Further Investigation of Mean Periods TMM10
We can further our investigation on this super-refined SC12x16 mesh by examining the mean wave periods (TMM10):
These mean periods correspond to the timing of the maximum significant wave heights. They are also dual-peaked, with values of about 12s offshore and values of about 3s behind the barrier islands and inland.
Note that there are spikes in these mean periods, too, but they are even more localized than in the peak periods. They should give us a good idea of where exactly in the mesh are the trouble spots located.
For example, the black square in the above image denotes the region behind the Isle of Palms, where several bays/sounds (Gray Bay, Hamlin Sound, Copahee Sound, and Bullyard Sound) are connected to the ocean via the Dewees and Capers Inlets. There are a few channels that connect everything in this region, and the coastal water way cuts through it. However, for the most part, the bathymetry is very shallow.
As shown in the animation below, the mean periods are generally fine in this region during the simulation:
At normal, low-tide conditions, the channels are well-defined, and the solution is reasonable.

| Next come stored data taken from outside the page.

(* In the flow-sampling problem with $M\ge1$ devices, accuracies $\varphi_i\in(0,1]$ and external sampling probabilities $p_i\in(0,1)$, fix an integer $G\ge1$ and let the largest-order-statistic policy be the policy that in every slot draws $G$ integers independently and uniformly from $\{1,\dots,M\}$ (with replacement, independently of the state and of the past) and samples the device indexed by the largest of them. Its average cost is $$J_{\mathrm{order}}=\sum_{i=1}^{M}\frac{\varphi_i(1-q_i)(1-p_i)}{1-(1-q_i)(1-p_i)},\qquad q_i=\frac{i^G-(i-1)^G}{M^G}.$$ Moreover, if $p_1=\dots=p_M=p\in(0,1)$ and $\varphi_i=\sigma^{M-i}$ with $\sigma\in(0,1)$, then for fixed $G$, $$\lim_{M\to\infty}J_{\mathrm{order}}=\frac{1-p}{(1-\sigma)p}.$$
   Context: Flow-sampling model: a flow path passes through $M$ devices indexed $1,\dots,M$. Time is slotted, $t=0,1,2,\dots$. Each device $i$ has an accuracy $\varphi_i$ and a counter $n_i^t\in\{0,1,2,\dots\}$, with $n_i^0=0$. At the start of each slot $t$ the controller chooses an action $a^t\in\{1,\dots,M\}$ (the device it samples) according to a policy. Independently of everything else, for each $i$ and $t$ an event $H_i^t$ occurs with probability $p_i$, independently across $i$ and $t$. Counter dynamics: if $a^t=i$ then $n_i^{t+1}=0$; if $a^t\ne i$ then $n_i^{t+1}=0$ if $H_i^t$ occurs and $n_i^{t+1}=n_i^t+1$ otherwise. The immediate cost is $C(s^t)=\sum_{i=1}^M\varphi_i n_i^t$ and the average cost of policy $\mu$ is $J_\mu=\lim_{T\to\infty}\mathbb{E}_\mu\left[\frac1T\sum_{t=0}^{T-1}C(s^t)\right]$. *)

From HB Require Import structures.
From mathcomp Require Import all_boot all_order all_algebra.
From mathcomp Require Import all_classical all_reals all_analysis.
Set Implicit Arguments. Unset Strict Implicit. Unset Printing Implicit Defensive.
Import Order.TTheory GRing.Theory Num.Theory.
Import numFieldNormedType.Exports.
Local Open Scope ring_scope.

(* Devices are indexed by i : 'I_M, the ordinal i standing for device (val i).+1.
   Accuracies phi and probabilities p are given as functions nat -> R,
   evaluated at the 1-based device index. *)

(* Randomness of one slot: the G draws (each in 'I_M, ordinal d standing for
   integer d+1 in {1..M}) and the indicators of the events H_i^t. *)
Definition slot (M G : nat) := ({ffun 'I_G -> 'I_M} * {ffun 'I_M -> bool})%type.

Definition act_ord (M G : nat) (w : slot M G) : nat :=
  (\max_(g : 'I_G) val (w.1 g))%N.

Definition slot_prob (R : realType) (M G : nat) (p : nat -> R) (w : slot M G) : R :=
  (M%:R ^+ G)^-1 *
  \prod_(i : 'I_M) (if w.2 i then p (val i).+1 else 1 - p (val i).+1).

Definition step (M G : nat) (w : slot M G) (n : 'I_M -> nat) : 'I_M -> nat :=
  fun i => if act_ord w == val i then 0%N
           else if w.2 i then 0%N else (n i).+1.

Definition state_of (M G : nat) (ws : seq (slot M G)) : 'I_M -> nat :=
  foldl (fun n w => step w n) (fun _ => 0%N) ws.

Definition cost (R : realType) (M : nat) (phi : nat -> R) (n : 'I_M -> nat) : R :=
  \sum_(i : 'I_M) phi (val i).+1 * (n i)%:R.

(* E[C(s^t)] under the largest-order-statistic policy: s^t is determined by the
   (independent) outcomes of slots 0..t-1. *)
Definition exp_cost (R : realType) (M G : nat) (phi p : nat -> R) (t : nat) : R :=
  \sum_(w : {ffun 'I_t -> slot M G})
    (\prod_(j : 'I_t) slot_prob p (w j)) *
    cost phi (state_of [seq w j | j <- enum 'I_t]).

Definition avg_cost (R : realType) (M G : nat) (phi p : nat -> R) (T : nat) : R :=
  (T%:R)^-1 * \sum_(t < T) exp_cost M G phi p t.

Definition J_order (R : realType) (M G : nat) (phi p : nat -> R) : R :=
  limn (avg_cost M G phi p).

Definition q_ord (R : realType) (M G i : nat) : R :=
  ((i%:R) ^+ G - ((i.-1)%:R) ^+ G) / (M%:R ^+ G).

From HB Require Import structures.
From mathcomp Require Import all_boot all_order all_algebra.
From mathcomp Require Import all_classical all_reals all_analysis.
From mathcomp Require Import ring lra.
Import Order.TTheory GRing.Theory Num.Theory.
Import numFieldNormedType.Exports.
Local Open Scope classical_set_scope.
Local Open Scope ring_scope.
Set Implicit Arguments. Unset Strict Implicit. Unset Printing Implicit Defensive.

(* Part 1.  The slots are i.i.d., and the counter of device i at time t is the
   length of the final run of slots that device i "survived" (it was neither
   sampled nor hit by H_i).  Writing this run length as
   n_i^t = sum_{k<t} [the last k+1 slots were survived], independence of the
   slots gives E[n_i^t] = a_i + ... + a_i^t, where a_i is the one-slot survival
   probability.  Counting the draw vectors whose maximum is below m (there are
   m^G of them) yields a_i = (1 - q_i)(1 - p_i).  Hence E[C(s^t)] is a finite sum
   of geometric partial sums converging to sum_i phi_i a_i/(1 - a_i), and by the
   Cesaro theorem the average cost has the same limit.

   Part 2.  With phi_i = sigma^(M-i) and p_i = p, each term a_i/(1 - a_i) lies
   within q_i/p^2 <= G/(M p^2) below (1-p)/p, while the weights sigma^(M-i) sum
   to (1 - sigma^M)/(1 - sigma).  Squeezing gives the limit (1-p)/((1-sigma)p). *)

Definition run_step (n : nat) (b : bool) : nat := if b then n.+1 else 0%N.

Lemma run_lengthE (bs : seq bool) :
  foldl run_step 0%N bs =
  (\sum_(k < size bs) \prod_(size bs - k.+1 <= j < size bs) nth false bs j)%N.
Proof.
elim/last_ind: bs => [|bs b IH]; first by rewrite big_ord0.
rewrite foldl_rcons IH size_rcons.
have last_factor (k : 'I_(size bs).+1) :
    (\prod_((size bs).+1 - k.+1 <= j < (size bs).+1) nth false (rcons bs b) j =
     (\prod_(size bs - k <= j < size bs) nth false bs j) * b)%N.
  rewrite subSS big_nat_recr ?leq_subr //= nth_rcons ltnn eqxx.
  by congr (_ * _)%N; apply: eq_big_nat => j /andP[_ ltj]; rewrite nth_rcons ltj.
rewrite (eq_bigr _ (fun k _ => last_factor k)) -big_distrl /= big_ord_recl /=.
rewrite subn0 big_geq // add1n; clear last_factor.
by case: b; rewrite /run_step ?muln1 ?muln0.
Qed.

Definition survives (M G : nat) (w : slot M G) (i : 'I_M) : bool :=
  (act_ord w != i) && ~~ w.2 i.

Lemma state_of_run (M G : nat) (ws : seq (slot M G)) (i : 'I_M) :
  state_of ws i = foldl run_step 0%N [seq survives w i | w <- ws].
Proof.
rewrite /state_of.
suff gen n0 : foldl (fun n w => step w n) n0 ws i =
              foldl run_step (n0 i) [seq survives w i | w <- ws] by exact: gen.
elim: ws n0 => [|w ws IH] n0 //=; rewrite IH; congr foldl.
by rewrite /step /run_step /survives; case: eqP => //=; case: (w.2 i).
Qed.

Lemma card_ord_lt (M m : nat) : (m <= M)%N -> #|[pred j : 'I_M | (j < m)%N]| = m.
Proof.
move=> le_mM; rewrite -sum1_card.
rewrite (eq_bigl (fun j : 'I_M => (j < m)%N)) //.
rewrite -(big_mkord (fun j => (j < m)%N) (fun _ => 1%N)).
rewrite -(@big_nat_widen _ 0%N addn 0 m M xpredT) //=.
by rewrite sum_nat_const_nat subn0 muln1.
Qed.

(* The largest of [G >= 1] draws is below [m] iff every draw is: there are
   m^G such draw vectors. *)
Lemma card_max_lt (M G m : nat) : (0 < G)%N -> (m <= M)%N ->
  #|[pred d : {ffun 'I_G -> 'I_M} | (\max_(g : 'I_G) val (d g) < m)%N]| = (m ^ G)%N.
Proof.
move=> G0; case: m => [|m] le_mM; first by rewrite exp0n //; apply: eq_card0.
rewrite -[in RHS](card_ord_lt le_mM) -[G in RHS]card_ord -card_ffun_on.
apply: eq_card => d /=; rewrite !inE ltnS.
apply/bigmax_leqP/ffun_onP => le_d g; first by rewrite inE /= ltnS le_d.
by have := le_d g; rewrite inE /= ltnS.
Qed.

Lemma sum_prod_indep (R : comPzRingType) (T : finType) (t : nat)
    (P : 'I_t -> T -> R) (g : T -> R) (A : pred 'I_t) :
  \sum_(w : {ffun 'I_t -> T}) (\prod_j P j (w j)) * \prod_(j | A j) g (w j)
  = \prod_j (if A j then \sum_x P j x * g x else \sum_x P j x).
Proof.
transitivity (\prod_j \sum_x (P j x * (if A j then g x else 1))); last first.
  by apply: eq_bigr => j _; case: (A j) => //; apply: eq_bigr => x _; rewrite mulr1.
rewrite bigA_distr_bigA; apply: eq_bigr => w _.
by rewrite big_split /=; congr (_ * _); rewrite big_mkcond.
Qed.

Lemma sum_indicator (R : pzSemiRingType) (T : finType) (b : pred T) :
  \sum_(x : T) ((b x)%:R : R) = (#|b|)%:R.
Proof.
rewrite -sum1_card natr_sum [RHS]big_mkcond /=; apply: eq_bigr => x _.
by rewrite unfold_in; case: (b x).
Qed.

Lemma sum_pair (R : nmodType) (A B : finType) (F : A * B -> R) :
  \sum_x F x = \sum_a \sum_b F (a, b).
Proof. by rewrite pair_bigA; apply: eq_bigr => -[]. Qed.

Section OneSlot.
Variables (R : realType) (M G : nat) (p : nat -> R).
Hypotheses (M_gt0 : (0 < M)%N) (G_gt0 : (0 < G)%N).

However, as the storm moves through the region, it floods the marshes in the region. At the edges of these marshes, where the bathymetry changes rapidly from the relatively deeper channels to the relatively shallow floodplains, is where the mean periods become unrealistic physically. We see mean periods of 20s or longer.
This spurious behavior is similar to the earlier problems we observed with wave refraction on coarse meshes in deep water. The problem usually occurs at one or a few vertices where the bathymetry is changing too rapidly for the mesh to resolve properly. SWAN refracts too much energy to these vertices, resulting in spikes or peaks in the computed solution. In this case, we did not see spikes in the significant wave heights, because they were depth-limited. But we do see spikes in the wave periods.

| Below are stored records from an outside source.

(* [T1] is discontinuous at the rows [i] where [wnorm2 (Bin L i) (Omega i)]
   vanishes; zeroing those rows gives a lower bound that is continuous at [L]. *)
Lemma col_bound_T1_le_of_cvg {s : nat -> pmx R m n} {L c} :
  (forall t, invariant (s t)) -> cvg_entrywise s L ->
  (forall t, col_bound (T1 Omega a (s t)) <= c) -> col_bound (T1 Omega a L) <= c.
Proof.
move=> inv s_cvg bound.
pose trunc p i j := if 0 < wnorm2 (Bin L i) (Omega i) then Ain (T1 Omega a p) i j else 0.
pose lower p := \sum_j Num.sqrt (b j * wnorm2 (trunc p ^~ j) (Omega ^~ j)).
have lower_L : lower L = col_bound (T1 Omega a L).
  apply: eq_bigr => j _; congr (Num.sqrt (_ * _)); apply: eq_bigr => i _.
  by rewrite /trunc T1_inner /cs_weight; case: ifP => // ->.
have lower_le t : lower (s t) <= col_bound (T1 Omega a (s t)).
  apply: ler_sum => j _; apply/ler_wsqrtr/ler_wpM2l => //.
  apply: ler_sum => i _; apply: ler_wpM2r; first exact: sqr_ge0.
  rewrite /trunc; case: ifP => // _.
  by have [A_ge0 _ _ _] := feasible_T1 _ (inv t).1; apply: A_ge0.
have lower_cvg : lower (s t) @[t --> \oo] --> lower L.
  apply: cvg_sum => j; apply: continuous_cvg; first exact: sqrt_continuous.
  apply: cvgM; first exact: cvg_cst.
  apply: cvg_wnorm2 => i; rewrite /trunc; case: ifP => [D_gt0|_].
    exact: T1_inner_cvg.
  exact: cvg_cst.
rewrite -lower_L; apply: cvgr_to_le lower_cvg _; apply: nearW => t.
exact: le_trans (lower_le t) (bound t).
Qed.

Lemma Fobj_limit_point p0 L : invariant p0 ->
  limit_point (fun k => iter k step p0) L ->
  Fobj Omega (T1 Omega a L) = Fobj Omega (step L) /\ Fobj Omega (step L) = Fobj Omega L.
Proof.
move=> inv0 /limit_point_subseq [phi phi_ge s_cvg].
have inv k : invariant (iter k step p0) by elim: k => //= k; apply: invariant_step.
have invL : invariant L by apply: invariant_closed s_cvg => t; apply: inv.
have Fobj_le_L k : Fobj Omega (iter k step p0) <= Fobj Omega L.
  apply: cvgr_to_ge (Fobj_cvg Omega s_cvg) _; apply: filterS (nbhs_infty_ge k) => t kt.
  exact: Fobj_iter_nondecreasing _ inv0 _ _ (leq_trans kt (phi_ge t)).
have col_le : col_bound (T1 Omega a L) <= Fobj Omega L.
  apply: (col_bound_T1_le_of_cvg _ s_cvg) => t; first exact: inv.
  by rewrite -Fobj_step //= -iterS Fobj_le_L.
have := Fobj_le_T1 _ invL; have := Fobj_T1_le_step _ invL; rewrite Fobj_step //.
by split; lra.
Qed.

End Iteration.

Arguments Fobj_limit_point {R m n Omega a b} a_ge0 b_ge0 {p0 L}.

Lemma invariant_of_inAt {R : realType} {m n : nat} {Omega : 'M[R]_(m, n)} {a b p} :
  inAt Omega a b p -> invariant Omega a b p.
Proof.
case=> [[AB_ge0 rows A0 cols B0] zero_nonpos _ _]; split; first split.
- by move=> i j; have [] := AB_ge0 (lift ord0 i) (lift ord0 j).
- by move=> i j; have [] := AB_ge0 (lift ord0 i) (lift ord0 j).
- by move=> i; rewrite rows big_ord_recl lerDr; have [] := AB_ge0 (lift ord0 i) ord0.
- by move=> j; rewrite cols big_ord_recl lerDr; have [] := AB_ge0 ord0 (lift ord0 j).
by move=> i j /ltW /zero_nonpos [].
Qed.

Theorem lemma2p17 (R : realType) (m n : nat) (hm : (1 <= m)%N) (hn : (1 <= n)%N)
  (a : 'I_m -> R) (b : 'I_n -> R) (Omega : 'M[R]_(m, n))
  (ha : forall i, 0 < a i) (hb : forall j, 0 < b j)
  (p0 : pmx R m n) (hp0 : rel_interior (inAt Omega a b) p0)
  (L : pmx R m n)
  (hL : limit_point (fun k => iter k (fun p => T2 Omega b (T1 Omega a p)) p0) L) :
  Fobj Omega (T1 Omega a L) = Fobj Omega (T2 Omega b (T1 Omega a L)) /\
  Fobj Omega (T2 Omega b (T1 Omega a L)) = Fobj Omega L.
Proof.
have inv0 := invariant_of_inAt hp0.1.
exact: (Fobj_limit_point (fun i => ltW (ha i)) (fun j => ltW (hb j)) inv0 hL).
Qed.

Looking at the bathymetry and topography, even on this super-refined mesh, it is easy to see the problem areas:
The spikes in the periods correspond to the regions with the large gradients in the bathymetry, such as in the middle-left of this image (approximately 79.755W, 32.83N). The bathymetry changes by 12m over only 3-4 elements.
As noted above, although we increased the resolution on this SC12x16, so that the mesh sizes range down to about 25m, we did not add any new information because we interpolated linearly from the original mesh. In fact, the bathymetry and topography is identical on the original SC12 mesh:
The mesh sizes may have decreased as we refined uniformly the SC12 mesh, but the representation of the bathymetry and topography did not improve, because we interpolated linearly from the original mesh. The smaller mesh sizes did have a positive effect, because the spurious peak periods did become more localized as the mesh was refined, but refinement was not enough to remove entirely the problem areas. Even on the super-refined SC12x16 mesh, there were still a few regions with peak periods of 30s or longer.
Thus, wave refraction in SWAN requires meshes that are highly-resolved and smooth. The local mesh resolution must be adequate to capture the small-scale features and gradients in the bathymetry, and it must be applied using a mesh-scale averaging, so that the representation is smooth in the mesh. Otherwise, SWAN will refract too much wave energy to too few vertices, resulting in spikes in the computed solution.
Future work should concentrate on the development of guidelines for the generation of unstructured meshes for use with SWAN. Perhaps the problem can be reproduced on an idealized test mesh, and then investigated further. It would be great to know exactly the gradients and conditions that cause this problematic behavior, so that they can be avoided as the meshes are generated.